今まで支払っていた家賃や住宅ローンの負担を軽減できると聞いてしまえば、購入を考える方も多いかと思います。

「できるだけ購入費用を抑えたい!」
「同じ賃貸併用住宅なら中古でいいんじゃないの?」

しかし、このように考えている方は少しお待ちください。中古の賃貸併用住宅には、気を付けるべきポイントが多くあるんです。

今回は、賃貸併用住宅を中古で買う際のメリットや注意点について、不動産会社の営業マンである私が詳しく解説を行います。

ローン負担を軽くしようと中古で購入したはずの賃貸併用住宅が、いつの間にか自分を苦しめていた…。

そんな事態が起こる前に、ぜひこちらの記事を参考にし、お得にマイホームを購入しましょう。

 

 

購入費を抑えるには新築じゃない方が良い?

現在、私たちの生涯支出の3割から4割が住居費と言われている中、「できるだけ住居費の負担を軽くしたい」とお考えの方は多いかと思います。

そこで不動産会社の営業マンである私が皆さんにおすすめするのは、賃貸併用住宅。

賃貸併用住宅とは、1つの建物内に自分が住む住宅部分と他の人が住む賃貸部分の2種類の空間を作り、賃貸部分の家賃収入を元に住宅ローンの返済を行うといった物件です。

一戸建てやマンションと違い、賃貸部分の家賃収入があなたの住宅ローン返済を代わりに行ってくれるのが最大のメリットとして挙げられます。

つまり、賃貸併用住宅を手に入れられれば、今まで高額な家賃の支払いによって我慢していた家族旅行や車といった趣味をそれまで以上に楽しむことができるのです。

 

では、実際に賃貸併用住宅を活用して住宅ローンの負担を0にしようと思った場合、「新築」「中古」どちらの購入がお得か、皆さんはご存知でしょうか?

購入費用だけを比べてみると、新築よりも中古の賃貸併用住宅の方が安いのが一般的です。
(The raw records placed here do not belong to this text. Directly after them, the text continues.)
Lemma act_diag (g : 'M[K]_2) a p q : g 0 1 = 0 -> g 1 0 = 0 ->
  skcoef (act g a) p q = g 0 0 ^+ p * g 1 1 ^+ q * skcoef a p q.
Proof.
move=> g01 g10; rewrite /act; cbv zeta.
rewrite g01 g10 !skscale0 addr0 add0r skcoef_sum.
rewrite -(@sum_coef_extract _ a p q (fun i j => g 0 0 ^+ i * g 1 1 ^+ j)).
apply: eq_bigr => i _; rewrite skcoef_sum; apply: eq_bigr => j _.
rewrite /sku /skv !skpow_mon // skmulZl skmulZr skmul_mon !skscaleA !skcoef_scale skcoef_mon.
by rewrite !(mul1n, mul0n, muln0, addn0, add0n) expr0; ring.
Qed.

Lemma act_anti (g : 'M[K]_2) a p q : g 0 0 = 0 -> g 1 1 = 0 ->
  skcoef (act g a) p q = g 1 0 ^+ q * g 0 1 ^+ p * (-1) ^+ (q * p) * skcoef a q p.
Proof.
move=> g00 g11; rewrite /act; cbv zeta.
rewrite g00 g11 !skscale0 addr0 add0r skcoef_sum.
rewrite -(@sum_coef_extract _ a q p (fun i j => g 1 0 ^+ i * g 0 1 ^+ j * (-1) ^+ (i * j))).
apply: eq_bigr => i _; rewrite skcoef_sum; apply: eq_bigr => j _.
rewrite /sku /skv !skpow_mon // skmulZl skmulZr skmul_mon !skscaleA !skcoef_scale skcoef_mon.
by rewrite !(mul1n, mul0n, muln0, addn0, add0n) andbC; ring.
Qed.

End DiagonalActions.

Section Matrices2.
Variable K : fieldType.
Implicit Types g h : 'M[K]_2.

Lemma ord2 (a : 'I_2) : a = 0 \/ a = 1.
Proof. by case: a => [[|[|m]] h]; [left | right | by []]; apply: val_inj. Qed.

Lemma mx2_ext g h : g 0 0 = h 0 0 -> g 0 1 = h 0 1 -> g 1 0 = h 1 0 -> g 1 1 = h 1 1 ->
  g = h.
Proof.
move=> e00 e01 e10 e11; apply/matrixP => a b.
by case: (ord2 a) => ->; case: (ord2 b) => ->.
Qed.

Lemma mulmx2E g h a b : (g *m h) a b = g a 0 * h 0 b + g a 1 * h 1 b.
Proof.
rewrite !mxE big_ord_recl big_ord_recl big_ord0 addr0.
by have -> : lift ord0 (ord0 : 'I_1) = 1 :> 'I_2 by apply: val_inj.
Qed.

Lemma invmx_right g h : g *m h = 1%:M -> invmx g = h.
Proof.
move=> gh1; have [g_unit _] := mulmx1_unit gh1.
by rewrite -[h]mul1mx -(mulVmx g_unit) -mulmxA gh1 mulmx1.
Qed.

Definition mx2 (a b c d : K) : 'M[K]_2 :=
  \matrix_(i < 2, j < 2) if i == 0 then (if j == 0 then a else b) else (if j == 0 then c else d).

Lemma mx2E a b c d : [/\ mx2 a b c d 0 0 = a, mx2 a b c d 0 1 = b,
  mx2 a b c d 1 0 = c & mx2 a b c d 1 1 = d].
Proof. by rewrite !mxE. Qed.

Lemma invmx_diag g : g 0 1 = 0 -> g 1 0 = 0 -> g 0 0 != 0 -> g 1 1 != 0 ->
  invmx g = mx2 (g 0 0)^-1 0 0 (g 1 1)^-1.
Proof.
move=> g01 g10 x0 y0; apply: invmx_right.
have [e00 e01 e10 e11] := mx2E (g 0 0)^-1 0 0 (g 1 1)^-1.
by apply: mx2_ext; rewrite mulmx2E !mxE /= ?e00 ?e01 ?e10 ?e11 ?g01 ?g10
  !(mulr0, mul0r, addr0, add0r) ?mulfV.
Qed.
そのため、なんとか中古で賃貸併用住宅を買えないかと不動産を訪ねるお客様も少なくありません。

しかし、市場に出回る中古の賃貸併用住宅には注意が必要なんです。まずは、「収益が出ている賃貸併用住宅は滅多に市場に売りに出されない」ということを覚えておいてください。
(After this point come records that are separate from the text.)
(* (Unconditional stability, 2D multiplicative kernel.) Let $\mathcal A^{\times}=\mathcal D_x\otimes\mathcal D_y-\mathcal G_x\otimes\mathcal G_y$ be the two-dimensional collocation matrix for the multiplicative kernel (see context), $T>0$, $N\ge1$, $\tau=T/N$, and $C_d=\frac{4(b-a)^{1-\gamma}(d-c)^{1-\gamma}}{(1-\gamma)^2}$. If vectors $\varepsilon^0,\dots,\varepsilon^N$ (indexed by $\{1,\dots,2M_x-1\}\times\{1,\dots,2M_y-1\}$) satisfy $$\Big(I+\frac{\tau}{2}\mathcal A^{\times}\Big)\varepsilon^k=\Big(I-\frac{\tau}{2}\mathcal A^{\times}\Big)\varepsilon^{k-1},\qquad k=1,\dots,N,$$ then $\|\varepsilon^k\|_\infty\le e^{TC_d}\|\varepsilon^0\|_\infty$ for all $k=0,\dots,N$, for every $M_x,M_y\ge2$ and every $\tau$.
   Context: Fix $\gamma\in(0,1)$. For an interval $[\alpha,\beta]$ and an integer $m\ge2$ let $h=(\beta-\alpha)/m$, $x_s=\alpha+sh$ ($s\in\{0,\tfrac12,\dots,m\}$), and let $\phi_{s}$ be the piecewise quadratic Lagrange basis: for integers $0\le l\le m$, $\phi_l(x)=\frac{x-x_{l-1}}{h}\cdot\frac{2x-(x_l+x_{l-1})}{h}$ on $[x_{l-1},x_l]\cap[\alpha,\beta]$, $\phi_l(x)=\frac{x_{l+1}-x}{h}\cdot\frac{(x_{l+1}+x_l)-2x}{h}$ on $[x_l,x_{l+1}]\cap[\alpha,\beta]$, $0$ otherwise; for $l=1,\dots,m$, $\phi_{l-\frac12}(x)=\frac{4(x-x_{l-1})(x_l-x)}{h^2}$ on $[x_{l-1},x_l]$, $0$ otherwise. The associated 1D matrices are $\mathcal D=\mathrm{diag}(d_1,\dots,d_{2m-1})$ and $\mathcal G=(g_{ij})_{i,j=1}^{2m-1}$ with $d_i=\int_\alpha^\beta|x_{i/2}-y|^{-\gamma}dy$ and $g_{ij}=\int_\alpha^\beta\phi_{j/2}(y)|x_{i/2}-y|^{-\gamma}dy$. The following fact, established in earlier work, may be used: all $g_{ij}>0$ and $\mathcal D-\mathcal G$ is strictly diagonally dominant by rows. For $a<b$, $c<d$, $M_x,M_y\ge2$: $\mathcal D_x,\mathcal G_x$ are these matrices for $[a,b]$, $m=M_x$, and $\mathcal D_y,\mathcal G_y$ for $[c,d]$, $m=M_y$, and $\mathcal A^{\times}=\mathcal D_x\otimes\mathcal D_y-\mathcal G_x\otimes\mathcal G_y$ (the collocation matrix of $u\mapsto\int_\Omega\frac{u(x,y)-u(\bar x,\bar y)}{|x-\bar x|^\gamma|y-\bar y|^\gamma}d\bar xd\bar y$, $\Omega=(a,b)\times(c,d)$). $\|v\|_\infty$ is the maximum absolute entry. *)

From Stdlib Require Import Reals Lra.
Open Scope R_scope.

Fixpoint sum1 (f : nat -> R) (n : nat) : R :=
  match n with O => 0 | S n' => sum1 f n' + f (S n') end.

(* max_{j=1}^{n} f j  (0 for n = 0; only used with n >= 1 and f >= 0) *)
Fixpoint max1 (f : nat -> R) (n : nat) : R :=
  match n with O => 0 | S O => f 1%nat | S n' => Rmax (max1 f n') (f (S n')) end.

Definition ker (gamma x y : R) : R := Rpower (Rabs (x - y)) (- gamma).

(* Improper (at the point s in [lo,hi]) integral of f over [lo,hi]:
   I = lim_{e -> 0+} ( int_lo^{max lo (s-e)} f + int_{min hi (s+e)}^hi f ). *)
Definition sing_integral (f : R -> R) (lo hi s I : R) : Prop :=
  forall eps, eps > 0 -> exists delta, delta > 0 /\
    forall e, 0 < e < delta ->
      exists (p1 : Riemann_integrable f lo (Rmax lo (s - e)))
             (p2 : Riemann_integrable f (Rmin hi (s + e)) hi),
        Rabs (RiemannInt p1 + RiemannInt p2 - I) < eps.

(* mesh on [al,be] with m cells; node x_s for s = j/2 *)
Definition hstep (al be : R) (m : nat) : R := (be - al) / INR m.
Definition node (al be : R) (m : nat) (s : R) : R := al + s * hstep al be m.
Definition xhalf (al be : R) (m j : nat) : R := node al be m (INR j / 2).

Definition inI (lo hi x : R) : Prop := lo <= x <= hi.

Definition phi_node (al be : R) (m l : nat) (x : R) : R :=
  let h := hstep al be m in
  let xl := node al be m (INR l) in
  let xlm := node al be m (INR l - 1) in
  let xlp := node al be m (INR l + 1) in
  if Rle_dec al x then if Rle_dec x be then
    if Rle_dec xlm x then if Rle_dec x xl then
      ((x - xlm) / h) * ((2 * x - (xl + xlm)) / h)
    else if Rle_dec x xlp then ((xlp - x) / h) * (((xlp + xl) - 2 * x) / h) else 0
    else 0
  else 0 else 0.

(* midpoint basis function phi_{l-1/2}, l in 1..m *)
Definition phi_mid (al be : R) (m l : nat) (x : R) : R :=
  let h := hstep al be m in
  let xl := node al be m (INR l) in
  let xlm := node al be m (INR l - 1) in
  if Rle_dec xlm x then if Rle_dec x xl then 4 * (x - xlm) * (xl - x) / (h * h) else 0 else 0.

Definition phi_half (al be : R) (m j : nat) (x : R) : R :=
  if Nat.even j then phi_node al be m (Nat.div2 j) x
  else phi_mid al be m (Nat.div2 (S j)) x.

Definition is_Dvec (gamma al be : R) (m : nat) (d : nat -> R) : Prop :=
  forall i, (1 <= i <= 2 * m - 1)%nat ->
    sing_integral (fun y => ker gamma (xhalf al be m i) y) al be (xhalf al be m i) (d i).

Definition is_Gmat (gamma al be : R) (m : nat) (g : nat -> nat -> R) : Prop :=
  forall i j, (1 <= i <= 2 * m - 1)%nat -> (1 <= j <= 2 * m - 1)%nat ->
    sing_integral (fun y => phi_half al be m j y * ker gamma (xhalf al be m i) y)
      al be (xhalf al be m i) (g i j).

(* Action of A^x = D_x (x) D_y - G_x (x) G_y on a grid vector v (i,p) *)
Definition Amul (Mx My : nat) (dx dy : nat -> R) (gx gy : nat -> nat -> R)
    (v : nat -> nat -> R) (i p : nat) : R :=
  dx i * dy p * v i p
  - sum1 (fun j => sum1 (fun q => gx i j * gy p q * v j q) (2 * My - 1)) (2 * Mx - 1).

Definition normInf (Mx My : nat) (v : nat -> nat -> R) : R :=
  max1 (fun i => max1 (fun p => Rabs (v i p)) (2 * My - 1)) (2 * Mx - 1).

(* The 1D diagonal entries d_i = int |x_{i/2} - y|^(-gamma) dy are bounded by
   2 (beta - alpha)^(1 - gamma) / (1 - gamma), and since every basis function is at
   most 1 while D - G is diagonally dominant with positive entries, each row sum
   of G is smaller than d_i.  Hence the G_x (x) G_y part of row (i, p) of A^x is at
   most the product of the two 1D row sums, which is below the diagonal entry
   P = dx_i dy_p <= C_d.  Reading the Crank-Nicolson step at an entry where
   |eps^k| is maximal then gives |eps^k| <= (1 + tau P) |eps^(k-1)|, and
   (1 + tau C_d)^k <= exp (k tau C_d) <= exp (T C_d). *)

From Stdlib Require Import Reals Lra Lia.
From Coquelicot Require Import Coquelicot.
Open Scope R_scope.

Lemma sum1_ext (f g : nat -> R) (n : nat) :
  (forall j, (1 <= j <= n)%nat -> f j = g j) -> sum1 f n = sum1 g n.
Proof.
  induction n as [|n IH]; intros Hfg; simpl; [reflexivity|].
  rewrite IH, Hfg; [reflexivity | lia | intros; apply Hfg; lia].
Qed.

Lemma sum1_scal_l (c : R) (f : nat -> R) (n : nat) :
  sum1 (fun j => c * f j) n = c * sum1 f n.
Proof. induction n as [|n IH]; simpl; [ring | rewrite IH; ring]. Qed.

Lemma sum1_ge0 (f : nat -> R) (n : nat) :
  (forall j, (1 <= j <= n)%nat -> 0 <= f j) -> 0 <= sum1 f n.
Proof.
  induction n as [|n IH]; intros Hf; simpl; [lra|].
  assert (0 <= f (S n)) by (apply Hf; lia).
  assert (0 <= sum1 f n) by (apply IH; intros; apply Hf; lia). lra.
Qed.

Lemma sum1_Rabs_le (f g : nat -> R) (n : nat) :
  (forall j, (1 <= j <= n)%nat -> Rabs (f j) <= g j) -> Rabs (sum1 f n) <= sum1 g n.
Proof.
  induction n as [|n IH]; intros Hfg; simpl; [rewrite Rabs_R0; lra|].
  eapply Rle_trans; [apply Rabs_triang|].
  apply Rplus_le_compat; [apply IH; intros; apply Hfg | apply Hfg]; lia.
Qed.

Lemma sum1_split_diag (f : nat -> R) (n i : nat) : (1 <= i <= n)%nat ->
  sum1 f n = f i + sum1 (fun j => if Nat.eq_dec j i then 0 else f j) n.
Proof.
  induction n as [|n IH]; intros Hi; [lia|]. cbn [sum1].
  destruct (Nat.eq_dec (S n) i) as [<-|Hne].
  - rewrite (sum1_ext (fun j => if Nat.eq_dec j (S n) then 0 else f j) f); [ring|].
    intros j Hj. destruct (Nat.eq_dec j (S n)); [lia | reflexivity].
  - rewrite IH by lia. ring.
Qed.

Lemma sum1_tensor_Rabs_le (nx ny : nat) (a b : nat -> R) (v : nat -> nat -> R) (M : R) :
  (forall j, (1 <= j <= nx)%nat -> 0 <= a j) -> (forall q, (1 <= q <= ny)%nat -> 0 <= b q) ->
  (forall j q, (1 <= j <= nx)%nat -> (1 <= q <= ny)%nat -> Rabs (v j q) <= M) ->
  Rabs (sum1 (fun j => sum1 (fun q => a j * b q * v j q) ny) nx) <= sum1 a nx * sum1 b ny * M.
Proof.
  intros Ha Hb Hv.
  assert (HbM : sum1 (fun q => b q * M) ny = sum1 b ny * M).
  { rewrite (sum1_ext _ (fun q => M * b q)), sum1_scal_l by (intros; ring). ring. }
  replace (sum1 a nx * sum1 b ny * M)
    with (sum1 (fun j => a j * sum1 (fun q => b q * M) ny) nx).
  2:{ rewrite HbM, (sum1_ext _ (fun j => (sum1 b ny * M) * a j)), sum1_scal_l
        by (intros; ring). ring. }
  apply sum1_Rabs_le; intros j Hj.
  rewrite <- sum1_scal_l. apply sum1_Rabs_le; intros q Hq.
  rewrite !Rabs_mult, (Rabs_right (a j)), (Rabs_right (b q)) by (apply Rle_ge; auto).
  rewrite Rmult_assoc. apply Rmult_le_compat_l; [auto|].
  apply Rmult_le_compat_l; auto.
Qed.

Lemma max1_ge (f : nat -> R) (n j : nat) : (1 <= j <= n)%nat -> f j <= max1 f n.
Proof.
  induction n as [|[|n] IH]; intros Hj; [lia | replace j with 1%nat by lia; simpl; lra|].
  change (max1 f (S (S n))) with (Rmax (max1 f (S n)) (f (S (S n)))).
  destruct (Nat.eq_dec j (S (S n))) as [->|Hne]; [apply Rmax_r|].
  eapply Rle_trans; [apply IH; lia | apply Rmax_l].
Qed.

Lemma max1_attained (f : nat -> R) (n : nat) : (1 <= n)%nat ->
  exists j, (1 <= j <= n)%nat /\ max1 f n = f j.
Proof.
  induction n as [|[|n] IH]; intros Hn; [lia | exists 1%nat; split; [lia | reflexivity]|].
  change (max1 f (S (S n))) with (Rmax (max1 f (S n)) (f (S (S n)))).
  destruct (IH ltac:(lia)) as (j & Hj & Ej).
  unfold Rmax; destruct Rle_dec.
  - exists (S (S n)); split; [lia | reflexivity].
  - exists j; split; [lia | exact Ej].
Qed.

Lemma normInf_ge (Mx My : nat) (v : nat -> nat -> R) (i p : nat) :
  (1 <= i <= 2 * Mx - 1)%nat -> (1 <= p <= 2 * My - 1)%nat -> Rabs (v i p) <= normInf Mx My v.
Proof.
  intros Hi Hp. unfold normInf.
  eapply Rle_trans; [apply (max1_ge (fun p => Rabs (v i p)) _ p Hp) | apply (max1_ge (fun i => max1 (fun p => Rabs (v i p)) (2 * My - 1)) _ i Hi)].
Qed.

Lemma normInf_attained (Mx My : nat) (v : nat -> nat -> R) : (1 <= Mx)%nat -> (1 <= My)%nat ->
  exists i p, (1 <= i <= 2 * Mx - 1)%nat /\ (1 <= p <= 2 * My - 1)%nat /\
    normInf Mx My v = Rabs (v i p).
Proof.
  intros HMx HMy. unfold normInf.
  destruct (max1_attained (fun i => max1 (fun p => Rabs (v i p)) (2 * My - 1)) (2 * Mx - 1))
    as (i & Hi & ->); [lia|].
  destruct (max1_attained (fun p => Rabs (v i p)) (2 * My - 1)) as (p & Hp & ->); [lia|].
  exists i, p; auto.
Qed.

Lemma normInf_ge0 (Mx My : nat) (v : nat -> nat -> R) : (1 <= Mx)%nat -> (1 <= My)%nat ->
  0 <= normInf Mx My v.
Proof.
  intros. eapply Rle_trans; [apply (Rabs_pos (v 1%nat 1%nat)) | apply normInf_ge; lia].
Qed.

Lemma is_derive_Rpower_lin (a k s y : R) : 0 < k * (y - s) ->
  is_derive (fun t => Rpower (k * (t - s)) a) y (k * (a * Rpower (k * (y - s)) (a - 1))).
Proof.
  intro Hpos.
  apply (is_derive_comp (fun z => Rpower z a) (fun t => k * (t - s))).
  - apply is_derive_Reals, derivable_pt_lim_power, Hpos.
  - auto_derive; [easy | ring].
Qed.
理由は明確で、収益が出ている賃貸併用住宅ならば、そもそも「売りに出す必要がない」ためです。

賃貸併用住宅はオーナーの自宅という性質も備えています。そのため、自分が住んでいる家の住宅ローンを家賃収入で滞りなく支払えている物件であれば、売りに出す必要が生じません。

また、好条件の賃貸併用住宅が販売されていたとしても、すぐに購入されてしまうケースがほとんど。そのため、販売されてから長い間買い手がついていない賃貸併用住宅を見つけた際には、特に注意が必要です。

実際に物件の見学に行ってみると、間取りや建物の構造に違和感を覚えることが多いかと思います。

もし、立地や間取りなど自分の希望する条件に合った中古物件を見つけた場合は、賃貸併用住宅の知識を持った不動産会社に「この物件を購入しても大丈夫か?」といった相談をしてください。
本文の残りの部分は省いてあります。